*** DATA EXTRACTS Section Begins ***
Theorem theorem2 (R : realType) (X Y Z : finType)
    (P : X * Y * Z -> R) (N : nat) (delta : R) (xt : X) (y : Y) :
  positive_prob P -> (1 <= N)%N -> 0 < delta ->
  1 - delta <= Prob (N:=N) P (covers P delta xt y).
Proof.
move=> [Ppos P1] N1 d0; have P0 t : 0 <= P t by apply: ltW.
have [d1|d1] := leP 1 delta; first by rewrite (le_trans _ (Prob_ge0 P0 _)) ?subr_le0.
have X0 : (0 < #|X|)%N by apply/card_gt0P; exists xt.
have K1 : 1 <= (Kconst X Z)%:R :> R by rewrite ler1n /Kconst; lia.
have K0 : 0 < (Kconst X Z)%:R :> R by apply: lt_le_trans K1.
set L := ln (2 * (Kconst X Z)%:R / delta).
have L0 : 0 <= L by rewrite ln_ge0 // ler_pdivlMr // mul1r; lra.
have eL : 2 * expR (- L) = delta / (Kconst X Z)%:R.
  by rewrite expRN lnK ?posrE ?divr_gt0 ?mulr_gt0 //; field; rewrite !gt_eqF.
have uncovered_deviates (s : sample X Y Z N) : ~~ covers P delta xt y s ->
    [exists i, deviates P (front_door_cond xt y i).1 (front_door_cond xt y i).2 L s].
  by apply: contraR => /existsPn; apply: covers_of_not_deviates.
rewrite (ProbC P1) lerD2l lerN2.
apply: le_trans (Prob_union_bound P0 uncovered_deviates) _.
have deviation_le i : Prob (N:=N) P
    (deviates P (front_door_cond xt y i).1 (front_door_cond xt y i).2 L) <= 2 * expR (- L).
  by apply: Prob_deviates_le => //; apply: front_door_cond_pos.
apply: le_trans (ler_sum _ (fun i _ => deviation_le i)) _.
by rewrite sumr_const card_front_door_index eL -(mulr_natr (delta / _)) divfK ?gt_eqF.
Qed.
*** DATA EXTRACTS Section Ends ***
Once you find the line with "[exists i, deviates" above, print it and every line after it up to and including the line with "have deviation_le i : Prob (N:=N) P", exactly as written and nothing else.

**WRITTEN RESPONSE:**
    [exists i, deviates P (front_door_cond xt y i).1 (front_door_cond xt y i).2 L s].
  by apply: contraR => /existsPn; apply: covers_of_not_deviates.
rewrite (ProbC P1) lerD2l lerN2.
apply: le_trans (Prob_union_bound P0 uncovered_deviates) _.
have deviation_le i : Prob (N:=N) P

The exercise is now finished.